Councils have been told that if they do not rule on applications for fracking within the 16-week timeframe set out by government, it will be taken out of their hands and decided by ministers. The government said the decision would unlock the “huge potential” for shale gas by accelerating the planning process.
This decision was followed by the granting of 27 licences for exploration of fracking potential in 100 square kilometre blocks of land in the north of England and Midlands. The blocks of land include areas around Lincoln, Nottingham, Sheffield and Preston. This means that large portions of the north of England and Midlands have been divided up between a handful of global oil and gas companies, such as INEOS (the Switzerland-based chemicals giant that owns the Grangemouth refinery in Scotland), Centrica-backed Cuadrilla and the France-based energy giant GDF Suez.
The proviso that planning permission is still required for fracking to commence is no longer seen as an impediment, since the government is clearly behind the frackers and will step in if councils do not fall into line. To ram the point home, the energy minister, Lord Bourne, told the Daily Telegraph, “It's important we press on and get shale moving ... Investment in shale could reach £33bn and support 64,000 jobs…”
The government changes on fracking came shortly after an opposite decision on wind farms, in which more control was given to local areas in a bid to reduce the number of wind farms being built. This was in spite of the fact that opinion polls show that more than three times as many people would prefer to have wind farms in their council area than those who would prefer fracking.
The government has made it clear it is not willing to spend money on reaching targets for renewable energy, which it sees as a drain on resources that could be used more directly to assert their interests.
From the beginning of fracking in the UK, the Tories made it clear they are determined to do whatever it takes to make it a success by going “all out for shale.” The fall in the price of oil and gas has made them even more determined to remove what few restrictions are left. They have already introduced tax exemptions and allowed unprecedented access to areas of outstanding natural beauty and areas of special scientific interest.
A recent decision to allow exploration and drilling for gas in the North Yorkshire Moors shows how the situation has been transformed to favour the frackers. The concession has been given to Third Energy (formerly Viking), which is backed by Barclays Bank. Third Energy will begin working Ebberston Moor in the North York Moors. Part of the agreement is for the company to dispose of huge amounts of wastewater by pumping it back into the ground. This is in spite of the wastewater being potentially radioactive and the fact that there are two protected zones for water collection within 10 kilometres of the planned re-injection well.
The area of Scarborough, in North Yorkshire is supplied with drinking and household water from the local aquifer.
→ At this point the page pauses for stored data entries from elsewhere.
(* Let $\mathcal{C}$ be an $(n,s)$-curve of genus $g$ and let $D$ be a reduced non-special positive divisor of degree $g$ on the affine part of $\mathcal{C}$. Let $I_D\subset\mathbb{C}[x,y]/(f)$ be the ideal of polynomial functions vanishing on $D$ (with multiplicities). Then the images of the $g$ basis monomials $\upsilon_{\mathfrak{w}_1},\dots,\upsilon_{\mathfrak{w}_g}$ form a basis of the vector space $\big(\mathbb{C}[x,y]/(f)\big)/I_D$; that is, every polynomial function on $\mathcal{C}$ is congruent modulo $I_D$ to a unique linear combination of $\upsilon_{\mathfrak{w}_1},\dots,\upsilon_{\mathfrak{w}_g}$.
   Context: An $(n,s)$-curve ($n,s\geqslant2$ coprime) is $f(x,y;\lambda)\equiv -y^n+x^s+\sum_{j=0}^{n-2}\sum_{i=0}^{s-2}\lambda_{ns-in-js}y^jx^i=0$, $\lambda_k\in\mathbb{C}$, $\lambda_k=0$ for $k\leqslant0$, assumed of genus $g=\tfrac12(n-1)(s-1)$, compactified by one point $\infty$. Weights: $\mathrm{wgt}\,x=n$, $\mathrm{wgt}\,y=s$; monomials $\mathfrak{m}_{in+js}=x^iy^j$ ($0\leqslant j<n$) indexed by weight. Gap sequence $\mathfrak{W}=\mathbb{N}_0\setminus\{an+bs\mid a,b\in\mathbb{N}_0\}=\{\mathfrak{w}_1<\dots<\mathfrak{w}_g\}$. Basis monomials: $\upsilon_{\mathfrak{w}_i}=\mathfrak{m}_{2g-1-\mathfrak{w}_i}$, $i=1,\dots,g$; the differentials $\mathrm{d}u_{\mathfrak{w}_i}=\upsilon_{\mathfrak{w}_i}\,\mathrm{d}x/\partial_yf$ form a basis of holomorphic differentials. A positive divisor is reduced if it contains no full fibre $\{(a,b_1),\dots,(a,b_n)\}$ of $x$; a degree $g$ divisor is non-special if no nonzero holomorphic differential vanishes on it. *)

(* Bivariate polynomials are  {poly {poly C}} : the OUTER variable is  y,
   the INNER variable (coefficients) is  x. *)
From HB Require Import structures.
From mathcomp Require Import all_boot all_order all_algebra.
From mathcomp.real_closed Require Import complex.
From mathcomp Require Import reals.

Set Implicit Arguments.
Unset Strict Implicit.
Unset Printing Implicit Defensive.

Import Order.TTheory GRing.Theory Num.Theory.
Local Open Scope ring_scope.

Section Curves.
Variable C : fieldType.

Definition Xp : {poly {poly C}} := ('X)%:P.
Definition Yp : {poly {poly C}} := 'X.

Definition cst (c : C) : {poly {poly C}} := c%:P%:P.

Definition evalXY (h : {poly {poly C}}) (P : C * C) : C := (h.[P.2%:P]).[P.1].

Definition dX (h : {poly {poly C}}) : {poly {poly C}} := map_poly deriv h.
Definition dY (h : {poly {poly C}}) : {poly {poly C}} := deriv h.

(* the (n,s)-curve polynomial
   f = -y^n + x^s + sum_{j<=n-2} sum_{i<=s-2} lambda_{ns-in-js} y^j x^i,
   with lambda_k = 0 for k <= 0. *)
Definition nscurve (n s : nat) (lambda : nat -> C) : {poly {poly C}} :=
  - Yp ^+ n + Xp ^+ s +
  \sum_(j < n.-1) \sum_(i < s.-1)
     cst (if (i * n + j * s < n * s)%N then lambda (n * s - i * n - j * s)%N else 0)
       * (Yp ^+ j * Xp ^+ i).

(* the affine part of the curve is nonsingular (this is the standing
   assumption that the curve has genus g = (n-1)(s-1)/2) *)
Definition affine_smooth (f : {poly {poly C}}) : Prop :=
  forall P : C * C, evalXY f P = 0 ->
    evalXY (dX f) P != 0 \/ evalXY (dY f) P != 0.

(* h vanishes at the point P = (a,b) of the curve f = 0 to order >= m, i.e.
   h lies in  m_P^m  of the local ring  O_P = C[x,y]_{m_P} / (f),
   where m_P = (x - a, y - b):  there is u with u(P) <> 0 and
   u h in (f) + (x-a, y-b)^m  in C[x,y]. *)
Definition vanishes_at (f : {poly {poly C}}) (P : C * C) (m : nat)
    (h : {poly {poly C}}) : Prop :=
  exists (u q : {poly {poly C}}) (r : 'I_m.+1 -> {poly {poly C}}),
    evalXY u P != 0 /\
    u * h = q * f + \sum_(k < m.+1)
       r k * (Xp - cst P.1) ^+ k * (Yp - cst P.2) ^+ (m - k).

(* positive divisors on the affine part: finite multisets of points,
   represented by a sequence (multiplicity = number of occurrences);
   the degree is the size of the sequence *)
Definition on_curve (f : {poly {poly C}}) (D : seq (C * C)) : Prop :=
  forall P, P \in D -> evalXY f P = 0.

Definition vanishes_on (f : {poly {poly C}}) (D : seq (C * C))
    (h : {poly {poly C}}) : Prop :=
  forall P, P \in D -> vanishes_at f P (count_mem P D) h.

(* the fibre of x over a: the points (a,b_1),...,(a,b_n), the b_k being the
   roots (with multiplicity) of f(a, y).  D is reduced if it contains no full
   fibre. *)
Definition fibre_poly (f : {poly {poly C}}) (a : C) : {poly C} :=
  map_poly (fun c : {poly C} => c.[a]) f.

Definition reduced (f : {poly {poly C}}) (D : seq (C * C)) : Prop :=
  ~ exists a : C, forall b : C,
      (mup b (fibre_poly f a) <= count_mem (a, b) D)%N.

Definition genus (n s : nat) : nat := ((n.-1 * s.-1) %/ 2)%N.

Definition in_semigroup (n s w : nat) : bool :=
  has (fun i => has (fun j => (i * n + j * s == w)%N) (iota 0 w.+1)) (iota 0 w.+1).

(* all gaps are < 2g (Frobenius number 2g - 1) *)
Definition gaps (n s : nat) : seq nat :=
  [seq w <- iota 0 (2 * genus n s)%N | ~~ in_semigroup n s w].

(* w_{i+1}, for i : 'I_g  (0-based index) *)
Definition gap (n s : nat) (i : nat) : nat := nth 0 (gaps n s) i.

(* the monomial  m_k = x^i y^j  with  i n + j s = k,  0 <= j < n *)
Definition mono_j (n s k : nat) : nat :=
  find (fun j => (j * s <= k)%N && (n %| k - j * s)%N) (iota 0 n).
Definition mono (n s k : nat) : {poly {poly C}} :=
  Xp ^+ ((k - mono_j n s k * s) %/ n)%N * Yp ^+ (mono_j n s k).

Definition upsilon (n s : nat) (i : nat) : {poly {poly C}} :=
  mono n s (2 * genus n s - 1 - gap n s i)%N.
(* Let $n\ge0$ and let $a_1,\dots,a_{n+1},b_1,\dots,b_n$ be nonzero integers; let $s=[2a_1,2b_1,2a_2,2b_2,\dots,2a_n,2b_n,2a_{n+1}]$, let $k\ne0$ be an integer, and let $$r=[2a_1,2b_1,\dots,2b_n,2a_{n+1},\,2k,\,-2a_{n+1},-2b_n,\dots,-2b_1,-2a_1].$$ Then $K(s)$ and $K(r)$ are 2-component 2-bridge links, and their two-variable Alexander polynomials satisfy $$\Delta_{K(r)}(x,y)=\varepsilon\,x^iy^j\,k\,(x-1)(y-1)\,\big[\Delta_{K(s)}(x,y)\big]^2$$ for some $\varepsilon\in\{\pm1\}$ and integers $i,j$. Consequently $\Delta_{K(r)}(x,y)$ has no zero $(x,y)$ with $\operatorname{Im}x>0$ and $\operatorname{Im}y>0$ if and only if the same holds for $\Delta_{K(s)}(x,y)$.
   Context: Two-variable Alexander polynomial convention: for $m\in\mathbb Z$ put $G_m=\frac{x^m-y^m}{x-y}$ for $m>0$, $G_0=0$, $G_{-m}=-(xy)^{-m}G_m$ for $m>0$. For $s=[2a_1,2b_1,\dots,2a_N,2b_N,2a_{N+1}]$ the two-variable Alexander polynomial of the 2-bridge link $K(s)$ (oriented as in the standard convention) is, up to units $\pm x^iy^j$, $$\Delta_{K(s)}(x,y)=\sum b_{j_1}\cdots b_{j_m}(x-1)^m(y-1)^mG_{\mu_1}\cdots G_{\mu_{m+1}},$$ the sum over all subsets $\{j_1<\dots<j_m\}\subseteq\{1,\dots,N\}$ ($0\le m\le N$), where $\mu_1=a_1+\dots+a_{j_1}$, $\mu_l=a_{j_{l-1}+1}+\dots+a_{j_l}$, and $\mu_{m+1}=a_{j_m+1}+\dots+a_{N+1}$. Here $K(s)$ is the 2-bridge link with rational number having even continued fraction expansion $1/(s_1-1/(s_2-\cdots))$. *)

From HB Require Import structures.
From mathcomp Require Import all_boot all_order all_algebra all_field.
Set Implicit Arguments. Unset Strict Implicit. Unset Printing Implicit Defensive.
Import Order.TTheory GRing.Theory Num.Theory.
Local Open Scope ring_scope.
Lemma closer_sub u v a b w : e u v -> e a b ->
  closer u v a -> ~~ closer u v b -> closer u v w -> closer a b w.
Proof.
move=> huv eab sa sb sw.
have : [set a; b] \in theta_of e [set u; v] by rewrite mem_theta_of // sa (negbTE sb).
move=> /theta_of_mem theta_ab.
have := connect_cut_theta a w huv.
rewrite theta_ab connect_cut_theta // sa sw.
by case: (closer_edge eab) => -> _.
Qed.

Definition convex (A : {set T}) :=
  forall x y z, x \in A -> y \in A -> z \in interval e x y -> z \in A.

Lemma convexI A B : convex A -> convex B -> convex (A :&: B).
Proof.
move=> cA cB x y z /setIP [xA xB] /setIP [yA yB] hz.
by rewrite inE (cA x y z) // (cB x y z).
Qed.

Lemma closer_convex_in u v x y z : e u v ->
  closer u v x -> closer u v y -> d x z + d z y = d x y -> closer u v z.
Proof.
move=> huv sx sy; move hz : (d z y) => n; elim: n z hz => [|n IH] z hz hxzy.
  by rewrite (gdist0_eq hz).
have := @gdist_step z y; rewrite hz => /(_ isT) [z' ezz' /= hz'].
have t1 := gdist_triangle x z' y; have t2 := gdist_triangle x z z'.
rewrite (edge_gdist1 ezz') in t2.
have hxz' : d x z' = (d x z).+1 by clear -t1 t2 hxzy hz hz'; lia.
have sz' : closer u v z' by apply: (IH _ hz'); clear -t1 t2 hxzy hz hz'; lia.
apply/negPn/negP => sz.
have ez'z : e z' z by rewrite Hsym.
have := closer_sub huv ez'z sz' sz sx.
by rewrite /closer hxz' ltnNge leqnSn.
Qed.

Lemma closer_convex u v c : e u v -> convex [set w | closer u v w == c].
Proof.
move=> huv; have hvu : e v u by rewrite Hsym.
case: c => x y z; rewrite !inE ?eqb_id ?eqbF_neg => sx sy /eqP hz.
  exact: closer_convex_in huv sx sy hz.
by move: sx sy; rewrite -!(closer_swap _ huv) => sx sy; apply: closer_convex_in hvu sx sy hz.
Qed.

Lemma convex_gated A a : convex A -> a \in A -> gated e A.
Proof.
move=> cA aA v.
have [g gA gmin] := @arg_minnP T a (mem A) (d v) aA.
exists g => // x xA.
have [m [m1 m2 m3]] := median_exists v g x.
have mA : m \in A by apply: (cA g x m) => //; rewrite inE m2.
have /gdist0_eq Emg : d m g = 0 by have := gmin m mA; clear -m1; lia.
subst m; rewrite inE addnC (gdistC g x) (gdistC v g) m3.
by rewrite gdistC.
Qed.

Lemma theta_classP C : theta_class e C -> exists u v, e u v /\ C = theta_of e [set u; v].
Proof.
case/existsP => E /andP [/existsP [u /existsP [v /andP [huv /eqP ->]]] /eqP ->].
by exists u, v.
Qed.

Lemma halfspace_avoiding u v H z : e u v ->
  H \in halfspaces e (theta_of e [set u; v]) ->
  (forall H', H' \in halfspaces e (theta_of e [set u; v]) -> H' != H -> z \in H') ->
  H = [set w | closer u v w != closer u v z].
Proof.
move=> huv /imsetP [x _ ->] Havoid.
suff: closer u v x != closer u v z.
  rewrite comp_theta // => hxz; apply/setP => w; rewrite !inE.
  by move: hxz; case: (closer u v w); case: (closer u v x); case: (closer u v z).
have [x' hx'] : exists x', closer u v x' != closer u v x.
  have [su sv] := closer_edge huv.
  by case: (closer u v x); [exists v | exists u]; rewrite ?su ?(negbTE sv).
have : z \in Defs.comp e (theta_of e [set u; v]) x'.
  apply: Havoid; first exact: imset_f.
  apply: contraNneq hx' => /setP /(_ x'); rewrite !comp_theta // !inE eqxx.
  by move=> <-.
by rewrite comp_theta // inE => /eqP ->; rewrite eq_sym.
Qed.

End MedianGraph.

Lemma large_setE (T : finType) (Hm : {set {set T}} -> {set T}) Ls k :
  large_set Hm Ls k = ~: \bigcup_(j < k) Hm (nth set0 Ls j).
Proof.
elim: k => [|k IH] /=; first by rewrite big_ord0 setC0.
by rewrite IH big_ord_recr /= setCU setDE.
Qed.

Lemma sliceE (T : finType) (Hm : {set {set T}} -> {set T}) Ls i :
  slice Hm Ls i = Hm (nth set0 Ls i) :\: \bigcup_(j < i) Hm (nth set0 Ls j).
Proof. by rewrite /slice /= setDDr setDv set0U setIC large_setE setDE. Qed.

Section Slices.
Variables (T : finType) (e : rel T) (Hm : {set {set T}} -> {set T}).
Variables (v0 : T) (Ls : seq {set {set T}}).
Hypotheses (Hsym : symmetric e) (Hirr : irreflexive e) (Hconn : connected_graph e).
Hypothesis Hmed : median_graph e.
Hypothesis HLs_uniq : uniq Ls.
Hypothesis Hminority : forall C, C \in Ls -> exists u v,
  [/\ e u v, C = theta_of e [set u; v] & Hm C = [set w | closer e u v w != closer e u v v0]].

Lemma minority_convex C : C \in Ls -> convex e (Hm C) /\ convex e (~: Hm C).
Proof.
move=> /Hminority [u [v [huv _ ->]]].
have -> : [set w | closer e u v w != closer e u v v0] =
          [set w | closer e u v w == ~~ closer e u v v0].
  by apply/setP => w; rewrite !inE; case: (closer e u v w); case: (closer e u v v0).
split; first exact: closer_convex.
have -> : ~: [set w | closer e u v w == ~~ closer e u v v0] =
          [set w | closer e u v w == closer e u v v0].
  by apply/setP => w; rewrite !inE; case: (closer e u v w); case: (closer e u v v0).
exact: closer_convex.
Qed.

Lemma minority_theta C F : C \in Ls -> F \in C -> C = theta_of e F.
Proof. by move=> /Hminority [u [v [_ -> _]]] /(theta_of_mem Hsym). Qed.

Lemma mem_minority C y : C \in Ls -> e v0 y -> ([set v0; y] \in C) = (y \in Hm C).
Proof.
by move=> /Hminority [u [v [huv -> ->]]] ey; rewrite mem_theta_of // inE eq_sym.
Qed.

Lemma large_set_convex k : k <= size Ls -> convex e (large_set Hm Ls k).
Proof.
elim: k => [_ x y z|k IH hk] /=; first by rewrite !inE.
rewrite setDE; apply: convexI; first exact: IH (ltnW hk).
exact: (minority_convex (mem_nth set0 hk)).2.
Qed.

Lemma slice_convex i : i < size Ls -> convex e (slice Hm Ls i).
Proof.
move=> hi; rewrite /slice /= setDDr setDv set0U.
exact: convexI (large_set_convex (ltnW hi)) (minority_convex (mem_nth set0 hi)).1.
Qed.

Lemma mem_slice i y : i < size Ls -> e v0 y -> [set v0; y] \in nth set0 Ls i ->
  y \in slice Hm Ls i.
Proof.
move=> hi ey hyi; rewrite sliceE inE -mem_minority ?mem_nth // hyi andbT.
apply/bigcupP => -[j _]; have hj := ltn_trans (ltn_ord j) hi.
rewrite -mem_minority ?mem_nth // => hyj.
have : nth set0 Ls j == nth set0 Ls i.
  by rewrite (minority_theta (mem_nth set0 hj) hyj) -(minority_theta (mem_nth set0 hi) hyi).
by rewrite nth_uniq // => /eqP ji; move: (ltn_ord j); rewrite ji ltnn.
Qed.

End Slices.

Unset Implicit Arguments.

Theorem mainTheorem8
  (T : finType) (e : rel T) (omega : T -> nat)
  (Hm : {set {set T}} -> {set T})
  (v0 umax : T) (Ls : seq {set {set T}})
  (Hsimple : simple_graph e) (Hconn : connected_graph e) (Hmed : median_graph e)
  (Hn : 3 <= #|T|)
  (HHm : forall C, theta_class e C ->
     Hm C \in halfspaces e C /\ forall H, H \in halfspaces e C -> #|Hm C| <= #|H|)
  (Hsmall : forall C, theta_class e C ->
     Rlt (INR #|Hm C|) (Rdiv (INR #|T|) (Rmult (INR 2) (ln (INR #|T|)))))
  (Hv0 : forall C, theta_class e C ->
     forall H, H \in halfspaces e C -> H != Hm C -> v0 \in H)
  (Humax : forall u, gdist e v0 u + omega u <= gdist e v0 umax + omega umax)
  (Hv0_notmax : gdist e v0 v0 + omega v0 < gdist e v0 umax + omega umax)
  (Hneq : umax != v0)
  (HLs_uniq : uniq Ls)
  (HLs : forall C, (C \in Ls) = ladder e v0 umax C) :
  forall i, i < size Ls ->
    slice Hm Ls i = Hm (nth set0 Ls i) :\: \bigcup_(j < i) Hm (nth set0 Ls j)
    /\ gated e (slice Hm Ls i).
Proof.
have [Hsym Hirr] := Hsimple.
have Hminority C : C \in Ls -> exists u v, [/\ e u v, C = theta_of e [set u; v]
    & Hm C = [set w | closer e u v w != closer e u v v0]].
  rewrite HLs => /and3P [tC _ _]; have [u [v [huv EC]]] := theta_classP tC.
  exists u, v; split => //; have [HmC _] := HHm C tC.
  by apply: (halfspace_avoiding Hsym Hirr Hconn Hmed huv); rewrite -EC //; apply: Hv0.
move=> i hi; split; first exact: sliceE.
have [y ey hy] : exists2 y, e v0 y & [set v0; y] \in nth set0 Ls i.
  by move: (mem_nth set0 hi); rewrite HLs => /and3P [_ _ /existsP [y /andP []]]; exists y.
apply: (convex_gated Hsym Hconn Hmed (slice_convex Hsym Hirr Hconn Hmed Hminority hi)).
exact: (mem_slice Hsym Hirr Hconn Hmed HLs_uniq Hminority hi ey hy).
Qed.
A submission to the Environment Agency by the water company involved stated that the planned re-injection may “directly affect their asset”—in other words, the water supply needed by thousands of people. The submission was made public only by means of a Freedom of Information (FOI) request.
In the past, decisions on issues affecting local areas were left in the hands of locally elected councils, to whom objections could be registered. While none of this prevented the domination of society by the interests of big business, it did provide a certain brake on the process.
The ruling elite are being driven to the conclusion that such democratic niceties are incompatible with their race against their imperialist rivals, both within Europe and more widely. The stepping up of tensions with Russia has made them more determined than ever to lessen their dependence on imported energy supplies, falling oil prices notwithstanding.
Energy Secretary Amber Rudd said, “We need more secure, home grown energy supplies—and shale gas [obtained through fracking] must play a part in that.” A CBI spokesperson said, “Shoring up our energy supply for the future is critical for businesses …”
In the case of fracking, fierce opposition by local communities played a part in councils turning down applications for fracking in their areas, including in Lancashire and Sussex.
A document commissioned by the government, Shale Gas: Rural Economy Impacts, was heavily redacted when originally published in 2014 by the Environment Department (Defra). The Information Commissioner later ordered Defra to publish the document in full, after a complaint was made by the environmental group Greenpeace. The unredacted version contained information that undermined the government's claims that fracking would have a negligible effect on the local population.
The report predicted:
* House prices would go down by 7 percent in the area around a site being tested for large-scale fracking.
* Nearby properties could face additional insurance costs.
* Traffic congestion could be worsened by up to 51 journeys per day during the exploration phase alone.
* Wastewater from fracking would place an additional burden on the existing treatment facilities.